Afterword: Ted Kosmatka
This discussion of the story’s origins contains spoilers.
Ted Kosmatka, author of "N-Words," said that the story was inspired by his discovery, during college, that science can not only be wrong, but racist.
"During my sophomore year of college, I had a three-hour gap between classes twice a week, and with nothing better to do, ended up at the campus library where I eventually found my way to the scientific periodicals. The library had issues of various scientific journals dating all the way back to 1906. So that’s where I started, 1906, and I spent the next two years reading my way up to the present. I read every single issue of one prominent scientific journal– nearly a hundred years worth. I’m not sure many people have ever done that. It changed my whole view of science. I learned that science is fallible, and that in the wrong hands, it can absolutely be racist."
"I learned that scientists have always had a talent for proving that people who looked and acted just like themselves–who came from backgrounds just like themselves– were the smartest, best kind of people in the world," he continued. "Don’t believe me? Go to the scientific journals; read the 1920s. You’ll find entire issues preoccupied with racial hierarchies; you’ll find several studies dedicated to helping readers perceive the vast universe of significance which can be inferred from differences in average cranial capacity that amount to little more than a few dozen cc’s. (You don’t even want to see what science did with the US army’s helmet-size data from WWI). But these same scientists who made mountains out of 30cc mole hills are strangely silent on the subject of the Neanderthal– a walk of man whose cranial capacity is actually larger than modern man’s. In some cases, much larger. Another thing I learned about science from reading those periodicals is this: science is very good at ignoring facts which don’t fit the accepted paradigm."
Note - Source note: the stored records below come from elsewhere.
(* Cayley-Hamilton for the transfer matrix M over one period gives, with
   Phi := solution_vector psi, Phi(c+2q) + Phi(c) = (tr M) Phi(c+q) and
   Phi(c+q) + Phi(c-q) = (tr M) Phi(c). *)
Lemma solution_cube_bound (c : int) (q : nat) :
  periodic_on V (c - q%:Z) (2 * q)%N q ->
  modc (psi c) <=
    modc (psi (c + q%:Z)) + modc (psi (c + q%:Z + q%:Z)) + modc (psi (c - q%:Z)) /\
  modc (psi (c - 1)) <=
    modc (psi (c + q%:Z - 1)) + modc (psi (c + q%:Z + q%:Z - 1))
    + modc (psi (c - q%:Z - 1)).
Proof.
move=> Vper; set M := transfer_prod V E c q.
have Vper_left : periodic_on V (c - q%:Z) q q by apply: periodic_on_sub Vper; lia.
have Vper_right : periodic_on V c q q by apply: periodic_on_sub Vper; lia.
have sv1 : solution_vector psi (c + q%:Z) = mx2_app M (solution_vector psi c).
  exact: (solution_vector_transfer psi_eq).
have sv2 : solution_vector psi (c + q%:Z + q%:Z) =
    mx2_app M (solution_vector psi (c + q%:Z)).
  by rewrite (solution_vector_transfer psi_eq) transfer_prod_periodic.
have sv0 : solution_vector psi c = mx2_app M (solution_vector psi (c - q%:Z)).
  rewrite -{1}(subrK q%:Z c) (solution_vector_transfer psi_eq) /M.
  by rewrite -(transfer_prod_periodic E Vper_left) subrK.
have detM : mx2_det M = 1 by exact: transfer_prod_det.
have := mx2_Cayley_Hamilton (solution_vector psi c) detM.
have := mx2_Cayley_Hamilton (solution_vector psi (c - q%:Z)) detM.
rewrite -sv0 -sv1 -sv2 /solution_vector /= => -[rec1 rec1'] [rec2 rec2'].
by split; apply: three_term_bound; eassumption.
Qed.

Lemma solution_eq0 (c : int) : psi c = 0 -> psi (c - 1) = 0 -> forall n, psi n = 0.
Proof.
move=> psi_c psi_c1.
have fwd m : psi (c + m%:Z) = 0 /\ psi (c + m%:Z - 1) = 0.
  elim: m => [|m [IH IH1]]; first by rewrite addr0.
  have := psi_eq (c + m%:Z); rewrite IH IH1 !mulr0 !addr0.
  by rewrite -[m.+1]addn1 PoszD addrA addrK.
have bwd m : psi (c - m%:Z) = 0 /\ psi (c - m%:Z - 1) = 0.
  elim: m => [|m [IH IH1]]; first by rewrite subr0.
  have := psi_eq (c - m%:Z - 1); rewrite subrK IH IH1 !mulr0 add0r !addr0.
  by rewrite -[m.+1]addn1 PoszD opprD addrA.
move=> n; case: (lerP c n) => [le_cn | lt_nc].
- have [m ->] : exists m : nat, n = c + m%:Z by exists `|n - c|%N; lia.
  exact: (fwd m).1.
- have [m ->] : exists m : nat, n = c - m%:Z by exists `|c - n|%N; lia.
  exact: (bwd m).1.
Qed.

End Gordon.

Theorem gordon_no_eigenvalues (R : realType) (V : int -> R) (c : int) :
  (forall N : nat, exists2 q : nat, (N <= q)%N & periodic_on V (c - q%:Z) (2 * q)%N q) ->
  has_no_eigenvalues V.
Proof.
move=> cubes E [psi [psi2 [n0 psi_n0] psi_eq]].
suff psi_small m : m = c \/ m = c - 1 -> forall eps, 0 < eps -> modc (psi m) <= 3%:R * eps.
  have psi0 m : m = c \/ m = c - 1 -> psi m = 0.
    move=> hm; apply: modc_eq0; apply/eqP; rewrite eq_le modc_ge0 andbT leNgt.
    apply/negP => psi_m_gt0.
    by have := psi_small m hm _ (divr_gt0 psi_m_gt0 (ltr0n _ 4)); lra.
  move/eqP: psi_n0; apply; apply: (solution_eq0 psi_eq (psi0 _ _) (psi0 _ _)).
  - by left.
  - by right.
move=> hm eps eps0.
have [N psiN] := l2Z_modc_small psi2 eps0.
have [q le_q Vper] := cubes (N + `|c|%N + 2)%N.
have far n : (N%:Z <= `|n|)%R -> modc (psi n) <= eps by move=> /psiN /ltW.
have [bnd bnd1] := solution_cube_bound psi_eq Vper.
case: hm => ->.
- have := far (c + q%:Z) ltac:(lia); have := far (c + q%:Z + q%:Z) ltac:(lia).
  by have := far (c - q%:Z) ltac:(lia); lra.
- have := far (c + q%:Z - 1) ltac:(lia); have := far (c + q%:Z + q%:Z - 1) ltac:(lia).
  by have := far (c - q%:Z - 1) ltac:(lia); lra.
Qed.

(** * The shift space and invariant measures *)

Lemma countable_bigcapT_measurable d (T : measurableType d) (U : countType)
    (F : U -> set T) :
  (forall i, measurable (F i)) -> measurable (\bigcap_i F i).
Proof.
move=> mF; rewrite -[X in measurable X]setCK setC_bigcap; apply: measurableC.
by apply: countable_bigcupT_measurable => [|i]; [exact: countableP | exact/measurableC].
Qed.

Lemma shiftZD (B : Type) (i j : int) (x : int -> B) :
  shiftZ j (shiftZ i x) = shiftZ (i + j) x.
Proof. by apply: funext => n; rewrite /shiftZ addrA addrAC. Qed.

Lemma periodic_on_shiftZ (B : Type) (x : int -> B) (j i : int) (len q : nat) :
  periodic_on (shiftZ j x) i len q <-> periodic_on x (i + j) len q.
Proof.
by split=> xper n lt_n; have := xper n lt_n; rewrite /shiftZ !(addrAC _ j).
Qed.

Section ShiftSpace.
Variables (A A' : finType) (a0 : A) (b0 : A').
Local Notation Omega := (OmegaM a0 b0).

Lemma TshiftD (i j : int) (w : Omega) : Tshift j (Tshift i w) = Tshift (i + j) w.
Proof. by rewrite /Tshift /= !shiftZD. Qed.

Lemma Tshift0 (w : Omega) : Tshift 0 w = w.
Proof.
by case: w => x x'; rewrite /Tshift /shiftZ /=; congr pair; apply: funext => n; rewrite addr0.
Qed.

Lemma measurable_coord1 (n : int) (a : A) : measurable [set w : Omega | w.1 n = a].
Proof. by apply: sub_sigma_algebra; left; exists n, a. Qed.

Lemma measurable_coord2 (n : int) (b : A') : measurable [set w : Omega | w.2 n = b].
Proof. by apply: sub_sigma_algebra; right; exists n, b. Qed.

Lemma measurable_Tshift (j : int) : measurable_fun setT (Tshift j : Omega -> Omega).
Proof.
apply: (@measurability _ _ Omega Omega setT _ (@cylinders A A' a0 b0)) => //.
move=> _ [_ [[n [a ->]]|[n [b ->]]] <-].
- by rewrite setTI; exact: (measurable_coord1 (n + j)).
- by rewrite setTI; exact: (measurable_coord2 (n + j)).
Qed.

Lemma measurable_Tshift_preimage (j : int) (E : set Omega) :
  measurable E -> measurable (Tshift j @^-1` E).
Proof. by move=> mE; rewrite -[_ @^-1` _]setTI; exact: measurable_Tshift. Qed.

Lemma measurable_Tshift_orbit (L : set Omega) :
  measurable L -> measurable (\bigcup_(j : int) Tshift j @^-1` L).
Proof.
move=> mL; apply: countable_bigcupT_measurable => [|j]; first exact: countableP.
exact: measurable_Tshift_preimage.
Qed.

Lemma measurable_map_coord1 (l : seq int) (Q : seq A -> Prop) :
  measurable [set w : Omega | Q (map w.1 l)].
Proof.
elim: l Q => [|i l IH] Q /=.
  by have [Q0|nQ0] := pselect (Q [::]);
    [rewrite (_ : [set _ | _] = setT) | rewrite (_ : [set _ | _] = set0)];
    rewrite ?predeqE.
rewrite (_ : [set _ | _] = \bigcup_(a : A)
    ([set w : Omega | w.1 i = a] `&` [set w : Omega | Q (a :: map w.1 l)])).
  apply: countable_bigcupT_measurable => [|a]; first exact: countableP.
  exact: measurableI (measurable_coord1 _ _) (IH (fun s => Q (a :: s))).
by rewrite predeqE => w; split=> [Qw|[a _ [<-]]] //; exists (w.1 i).
Qed.

Lemma measurable_periodic_on (i : int) (len q : nat) :
  measurable [set w : Omega | periodic_on w.1 i len q].
Proof.
rewrite (_ : [set _ | _] = \bigcap_(j in [set j | (j < len)%N])
    [set w : Omega | w.1 (i + j%:Z) = w.1 (i + j%:Z + q%:Z)]); last first.
  by rewrite predeqE => w; split=> xper j; apply: xper.
apply: bigcap_measurableType => j _.
rewrite (_ : [set _ | _] = \bigcup_(a : A) ([set w : Omega | w.1 (i + j%:Z) = a]
    `&` [set w | w.1 (i + j%:Z + q%:Z) = a])).
  apply: countable_bigcupT_measurable => [|a]; first exact: countableP.
  exact: measurableI (measurable_coord1 _ _) (measurable_coord1 _ _).
by rewrite predeqE => w /=; split=> [eqw|[a _ [-> ->]]] //; exists (w.1 (i + j%:Z)).
Qed.

Lemma measurable_subshift_of (theta : A -> seq A) :
  measurable [set w : Omega | subshift_of theta w.1].
Proof.
rewrite (_ : [set _ | _] = \bigcap_(i : int) \bigcap_(len : nat)
    [set w : Omega | (fun s => exists (m : nat) (a : A), infix s (subst_iter theta m [:: a]))
       (map w.1 [seq i + j%:Z | j <- iota 0 len])]); last first.
  rewrite predeqE => w /=; split=> [Xw i _ len _ | Xw i len].
  - by rewrite /= -map_comp; exact: Xw.
  - by have := Xw i I len I; rewrite /= -map_comp.
apply: (@countable_bigcapT_measurable _ _ int) => i.
apply: (@countable_bigcapT_measurable _ _ nat) => len.
exact: (measurable_map_coord1 _ (fun s =>
  exists (m : nat) (a : A), infix s (subst_iter theta m [:: a]))).
Qed.

Lemma measurable_periodic_subshift (p : nat) (y : int -> A') :
  measurable [set w : Omega | periodic_subshift p y w.2].
Proof.
rewrite (_ : [set _ | _] = \bigcup_(j : int) \bigcap_(n : int)
    [set w : Omega | w.2 n = y (n + j)]); last first.
  rewrite predeqE => -[x x'] /=; split=> [[j _ <-]|[j _ x'E]]; first by exists j.
  by exists j => //; apply: funext => n; rewrite /shiftZ -(x'E n I).
apply: countable_bigcupT_measurable => [|j]; first exact: countableP.
by apply: countable_bigcapT_measurable => n; exact: measurable_coord2.
Qed.

End ShiftSpace.

Lemma ae_of_prob1 d (T : measurableType d) (R : realType) (P : probability T R)
    (S : set T) :
  measurable S -> P S = 1%E -> {ae P, forall w, S w}.
Proof.
move=> mS PS1; exists (~` S); split => //; first exact: measurableC.
by rewrite probability_setC // PS1 subee.
Qed.

Lemma lim_sup_set_ge d (T : measurableType d) (R : realType)
    (mu : {measure set T -> \bar R}) (F : (set T)^nat) (delta : \bar R) :
  (forall k, measurable (F k)) -> (mu (\bigcup_(k >= 0) F k) < +oo)%E ->
  (forall N, exists2 q, (N <= q)%N & (delta <= mu (F q))%E) ->
  (delta <= mu (lim_sup_set F))%E.
Proof.
move=> mF finF often; have cvgF := lim_sup_set_cvg mu F mF finF.
rewrite -(cvg_lim _ cvgF) //; apply: lime_ge; first by apply/cvg_ex; eexists; exact: cvgF.
apply: nearW => n; have [q le_nq delta_q] := often n.
apply: (le_trans delta_q); apply: le_measure; rewrite ?inE //.
- by apply: bigcup_measurable => k _.
- by move=> w Fw; exists q.
Qed.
Things are much better now than they used to be–science is better at weeding out the biases of its practitioners–but you can still see those biases bleeding through in spots if you look hard enough, Kosmatka said. "I think this has been particularly true in the case of the Homo neanderthalensis," he said. "If you go to a museum and look at the old displays, a lot of what you see is just wrong. Recent DNA studies are proving that. What you see in those old museum displays isn’t really science at all– but an interpretation filtered through a series of faulty presumptions which are indicative–if they are indicative of anything– more of the biases of the scientists who made the model than of any ultimate truth about the Neanderthals themselves. Why put dark hair, dark eyes, and olive skin on a Neanderthal? Yet again and again, that’s what you’ve seen."
When Kosmatka reads the modern scientific take on Neanderthals, he sees the same old arrogance. "I see scientists displaying a talent for proving that people who look and act just like themselves are the smartest, best kind of people in the word–and our lowly Neanderthal places a distant second," he said. "There is one particular Neanderthal fossil that has always fascinated me beyond all others: Amud I. Amud I was a truly massive individual. He was tall, and not just for a Neanderthal. He was a shade under six feet, and had a cranial capacity of 1740ccs. (Modern European’s average around 1410.) In certain scientific circles, they’re still debating if Neanderthals had language! What the hell was Amud I doing with 1740cc’s worth of gray matter, if not speaking? Brain tissue is metabolically expensive. All that muscle, all that bone, it has to be paid for."
"What do we really know about Neanderthals? We know what their bones tell us," Kosmatka continued. "By the ratios of the carbon isotopes in their bones, we can reconstruct their diets. We can study the marks left by their muscle attachments. We can pour mustard seeds into their skulls and then empty those seeds into graduated cylinders in order to estimate their cranial capacity. So we know this: they had large brains; they had truly massive musculatures not typically found today except in elite athletes. They were hunters of big game. That they are no longer alive isn’t evidence of some intrinsic inferiority."
There is a change coming, Kosmatka said. "We’re at a point when some very difficult questions about cloning need to be addressed; and by addressed, I don’t mean just creating more laws against it which most of the world won’t be bound by anyway," he said. "It’s not enough to create laws against certain procedures because the truth is that man has proved again and again that when a new technology becomes available, it will be used–somewhere. We’ve cloned dogs, and sheep, and monkeys. At some point in the very near future we’ll clone humans. It will happen. But the bar won’t stop there. That bar will keep moving, and I’m not saying that’s necessarily a bad thing, because it’s what we do, as humans–we keep moving that bar; that’s our specialty. But there are a lot of different way things can go. And while we’re out there practicing the art of being who and what we are, somebody needs to stop and wonder what will happen if we bring back something that’s better than us."